• Exercise
When you output the entries, begin with the first line and end with the line containing "move=> Hc; have", keeping each line exactly as it is.

• Provided data
========

Lemma maxO_renK_emb K : K `<=` pev P -> maxO Q (renK tau K) = renK tau (maxO P K).
Proof.
move=> sK; have sK' := fsubsetP sK; apply/fsetP => y; apply/idP/idP.
  case/in_maxOP => /in_renKP [q qK ->] Hm; apply: renK_f; apply/in_maxOP.
  split => // z zK nzq; have nz : (tau z.1, z.2) != (tau q.1, q.2).
    by apply: contra nzq => /eqP /(emb_pev_inj (sK' _ zK) (sK' _ qK)) ->.
  by apply: contra (Hm _ (renK_f tau zK) nz); exact: emb_pord.
case/in_renKP => q /in_maxOP [qK Hm] ->; apply/in_maxOP; split; first exact: renK_f.
move=> z /in_renKP [r rK ->] nz; apply: contra (Hm _ rK _) => [qr|].
  exact: emb_pordW (pev_evs (sK' _ qK)) (pev_evs (sK' _ rK)) qr.
by apply: contra nz => /eqP ->.
Qed.

End Embedding.

Section Isomorphism.
Variables (O O' : poset E Act) (f g : E -> E).
Hypotheses (HO : is_poset O) (HO' : is_poset O') (Hf : morphism O O' f) (Hg : morphism O' O g)
  (gf : forall x, x \in evs O -> g (f x) = x) (fg : forall y, y \in evs O' -> f (g y) = y).

Lemma iso_emb : order_embedding O O' f.
Proof. by split => // x y xO yO /(proj2 Hg); rewrite !gf. Qed.

Lemma iso_inv_emb : order_embedding O' O g.
Proof. by split => // x y xO yO /(proj2 Hf); rewrite !fg. Qed.

Lemma down_renK_iso K : K `<=` pev O -> down O' (renK f K) = renK f (down O K).
Proof.
move=> sK; apply/fsetP => q; apply/idP/idP; last first.
  by case/in_renKP => p pd ->; rewrite (mem_down_emb iso_emb) // (fsubsetP (down_sub_pev O K)).
move=> qd; have qO' : q \in pev O' := fsubsetP (down_sub_pev _ _) q qd.
have gq : (g q.1, q.2) \in pev O by exact: (proj1 Hg).
have -> : q = (f (g q.1), q.2) by rewrite fg ?(pev_evs qO') //; case: q {qd gq} qO'.
apply: (renK_f f (p := (g q.1, q.2))); rewrite -(mem_down_emb iso_emb) // fg ?(pev_evs qO') //.
by case: q qd {qO' gq}.
Qed.

Lemma Pmarking_iso c : Pmarking O c -> Pmarking O' (renM f c).
Proof.
move=> Hc; have /PmarkingE H := Hc; apply/(PmarkingE HO') => q /in_renMP [p pc ->] /=.
by rewrite down_renK_iso ?H //; case: Hc => _ /(_ p pc) [].
Qed.

End Isomorphism.

Section Delta.
Variables (O : poset E Act) (K : {fset E * Act}) (e : E) (a : Act).
Hypotheses (HO : is_poset O) (He : e \notin evs O).
Local Notation D := (delta O K e a).

Lemma in_pev_delta p : (p \in pev D) = (p \in pev O) || (p == (e, a)).
Proof. by rewrite /= in_fsetU in_fset1. Qed.

Lemma in_pord_delta x y : (x, y) \in pord D <->
  (x, y) \in pord O \/ (y = e /\ exists2 z, z \in down O K & z.1 = x) \/ (x = e /\ y = e).
Proof.
rewrite /= !in_fsetU in_fset1; split.
  case/orP => [/orP [H|/imfsetP [z zd [-> ->]]]|/eqP [-> ->]].
  - by left.
  - by right; left; split => //; exists z.
  - by right; right.
case=> [->//|[[-> [z zd <-]]|[-> ->]]]; last by rewrite eqxx !orbT.
by rewrite (in_imfset _ (fun y => (y.1, e)) zd) orbT.
Qed.

Lemma evs_delta x : x \in evs D <-> x \in evs O \/ x = e.
Proof.
split.
  case/evsP => b; rewrite in_pev_delta => /orP [xb|/eqP [-> _]]; last by right.
  by left; apply/evsP; exists b.
case=> [/evsP [b xb]|->]; apply/evsP; [exists b | exists a]; rewrite in_pev_delta ?xb //.
by rewrite eqxx orbT.
Qed.

Lemma fresh_pord x y : (x, y) \in pord O -> (x != e) && (y != e).
Proof.
by move=> xy; apply/andP; split; apply: contraNneq He => <-;
  [exact: pord_evs1 xy | exact: pord_evs2 xy].
Qed.

Lemma fresh_pev p : p \in pev O -> p.1 != e.
Proof. by move=> /pev_evs pO; apply: contraNneq He => <-. Qed.

Lemma delta_lab x b1 b2 : (x, b1) \in pev D -> (x, b2) \in pev D -> b1 = b2.
Proof.
rewrite !in_pev_delta => /orP [h1|/eqP [ex eb1]] /orP [h2|/eqP [ex' eb2]].
- by case: HO => H _; apply: (H x).
- by move: (fresh_pev h1); rewrite ex' eqxx.
- by move: (fresh_pev h2); rewrite ex eqxx.
- by subst.
Qed.

Lemma delta_pord_evs p : p \in pord D -> p.1 \in evs D /\ p.2 \in evs D.
Proof.
case: p => x y /in_pord_delta [H|[[-> [z zd <-]]|[-> ->]]]; rewrite !evs_delta.
- by split; left; [apply: (pord_evs1 HO H) | apply: (pord_evs2 HO H)].
- by split; [left; apply: pev_evs; apply: (fsubsetP (down_sub_pev O K)) | right].
- by split; right.
Qed.

Lemma delta_refl x : x \in evs D -> (x, x) \in pord D.
Proof.
by move=> /evs_delta [xO|->]; apply/in_pord_delta; [left; exact: (pord_refl HO) | right; right].
Qed.

Lemma delta_anti x y : (x, y) \in pord D -> (y, x) \in pord D -> x = y.
Proof.
move=> /in_pord_delta [H1|[[ye _]|[xe ye]]] /in_pord_delta [H2|[[xe2 _]|[ye2 xe2]]];
  subst => //; first exact: (pord_anti HO H1).
all: by [move/fresh_pord: H1; rewrite eqxx ?andbF | move/fresh_pord: H2; rewrite eqxx ?andbF].
Qed.
(* T (a set of darts closed under e) is a spanning tree: connected and
   acyclic, acyclicity expressed as "every tree edge is a bridge of T". *)
Definition spanning_tree (T : {set D}) : Prop :=
  [/\ forall d, (e d \in T) = (d \in T),
      connected_rel (adjE T)
    & forall d, d \in T ->
        ~~ connect (adjE (T :\ d :\ e d)) (vert d) (vert (e d))].

Definition adj_cotree (T : {set D}) : rel F :=
  fun g h => [exists d, [&& d \notin T, fc d == g & fc (e d) == h]].

(* T^*_f, for T^* rooted at rt : the nodes g whose path to the root
   passes through f (every walk from g to rt in T^* visits f). *)
Definition in_subtree (T : {set D}) (rt f g : F) : bool :=
  (g == f) || ~~ connect (avoid (adj_cotree T) [set f]) g rt.

Definition child (T : {set D}) (rt f h : F) : bool :=
  [&& adj_cotree T f h, in_subtree T rt f h & h != f].

(* a dart of the primal edge dual to the tree edge (f, parent f) *)
Definition parent_dart (T : {set D}) (rt f : F) (d : D) : bool :=
  [&& d \notin T, fc d == f & ~~ in_subtree T rt f (fc (e d))].

Variable R : realFieldType.

Definition wF (wV : V -> R) (tf : V -> F) (g : F) : R :=
  \sum_(x | tf x == g) wV x.

Definition wsub (T : {set D}) (rt : F) (w : F -> R) (f : F) : R :=
  \sum_(g | in_subtree T rt f g) w g.

Definition balanced_node (T : {set D}) (rt : F) (w : F -> R) (a b : R) (f : F) : Prop :=
  (a * \sum_g w g <= wsub T rt w f)%R /\ (wsub T rt w f <= b * \sum_g w g)%R.

Definition critical_node (T : {set D}) (rt : F) (w : F -> R) (a b : R) (f : F) : Prop :=
  (b * \sum_g w g < wsub T rt w f)%R /\
  forall h, child T rt f h -> (wsub T rt w h < a * \sum_g w g)%R.

End Map.

(* Label every dart by a boolean.  If the label can change across a non-tree
   edge or across a face corner only at darts based at [u] or [v], counting the
   changes around each vertex modulo 2 shows that every tree edge across which
   the label changes separates [u] from [v] in [T], hence lies on the tree path
   [P] from [u] to [v].  Off [P] the label is then constant on the darts of a
   vertex and along each component of [G - P], so every component weighs at
   most as much as the vertices carrying one of the two labels.

   At a balanced node [f] the label "the face lies in T*_f" changes only across
   the parent edge.  At a critical node [f], walk around the boundary of [f]
   and label by "the face is among the first [j] corners of [f] or in a cotree
   branch leaving them", with [j] maximal such that this side weighs at most
   3/4; the next branch weighs less than 1/4 by criticality, which bounds the
   other side by 3/4 as well.

   The same parity count with [u = v] shows that the cotree is connected, and
   Euler's formula then makes it a tree. *)

From mathcomp Require Import all_boot all_order all_algebra zify.
From mathcomp.algebra_tactics Require Import lra.
Import Order.TTheory GRing.Theory Num.Theory.
Set Implicit Arguments. Unset Strict Implicit. Unset Printing Implicit Defensive.

Section Avoid.
Variables (A : finType) (r : rel A).

Lemma avoid_subrel (S : {set A}) : subrel (avoid r S) r.
Proof. by move=> x y /and3P []. Qed.

Lemma connect_avoid_subset (S S' : {set A}) x y :
  S \subset S' -> connect (avoid r S') x y -> connect (avoid r S) x y.
Proof.
move=> sSS'; apply: connect_sub => a b /and3P [aS' bS' rab]; apply: connect1.
by rewrite /avoid rab !(contra (subsetP sSS' _)).
Qed.

Lemma connect_avoid_subrel (r' : rel A) (S : {set A}) x y :
  subrel r r' -> connect (avoid r S) x y -> connect (avoid r' S) x y.
Proof.
move=> rr'; apply: connect_sub => a b /and3P [aS bS rab]; apply: connect1.
by rewrite /avoid aS bS rr'.
Qed.

Lemma connect_avoid_src (S : {set A}) x y :
  connect (avoid r S) x y -> x \in S -> x = y.
Proof.
case/connectP=> [[|z p]] /=; first by move=> _ ->.
by case/andP=> /and3P [/negP xS _ _].
Qed.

========

• Answer box
Lemma maxO_renK_emb K : K `<=` pev P -> maxO Q (renK tau K) = renK tau (maxO P K).
Proof.
move=> sK; have sK' := fsubsetP sK; apply/fsetP => y; apply/idP/idP.
  case/in_maxOP => /in_renKP [q qK ->] Hm; apply: renK_f; apply/in_maxOP.
  split => // z zK nzq; have nz : (tau z.1, z.2) != (tau q.1, q.2).
    by apply: contra nzq => /eqP /(emb_pev_inj (sK' _ zK) (sK' _ qK)) ->.
  by apply: contra (Hm _ (renK_f tau zK) nz); exact: emb_pord.
case/in_renKP => q /in_maxOP [qK Hm] ->; apply/in_maxOP; split; first exact: renK_f.
move=> z /in_renKP [r rK ->] nz; apply: contra (Hm _ rK _) => [qr|].
  exact: emb_pordW (pev_evs (sK' _ qK)) (pev_evs (sK' _ rK)) qr.
by apply: contra nz => /eqP ->.
Qed.

End Embedding.

Section Isomorphism.
Variables (O O' : poset E Act) (f g : E -> E).
Hypotheses (HO : is_poset O) (HO' : is_poset O') (Hf : morphism O O' f) (Hg : morphism O' O g)
  (gf : forall x, x \in evs O -> g (f x) = x) (fg : forall y, y \in evs O' -> f (g y) = y).

Lemma iso_emb : order_embedding O O' f.
Proof. by split => // x y xO yO /(proj2 Hg); rewrite !gf. Qed.

Lemma iso_inv_emb : order_embedding O' O g.
Proof. by split => // x y xO yO /(proj2 Hf); rewrite !fg. Qed.

Lemma down_renK_iso K : K `<=` pev O -> down O' (renK f K) = renK f (down O K).
Proof.
move=> sK; apply/fsetP => q; apply/idP/idP; last first.
  by case/in_renKP => p pd ->; rewrite (mem_down_emb iso_emb) // (fsubsetP (down_sub_pev O K)).
move=> qd; have qO' : q \in pev O' := fsubsetP (down_sub_pev _ _) q qd.
have gq : (g q.1, q.2) \in pev O by exact: (proj1 Hg).
have -> : q = (f (g q.1), q.2) by rewrite fg ?(pev_evs qO') //; case: q {qd gq} qO'.
apply: (renK_f f (p := (g q.1, q.2))); rewrite -(mem_down_emb iso_emb) // fg ?(pev_evs qO') //.
by case: q qd {qO' gq}.
Qed.

Lemma Pmarking_iso c : Pmarking O c -> Pmarking O' (renM f c).
Proof.
move=> Hc; have /PmarkingE H := Hc; apply/(PmarkingE HO') => q /in_renMP [p pc ->] /=.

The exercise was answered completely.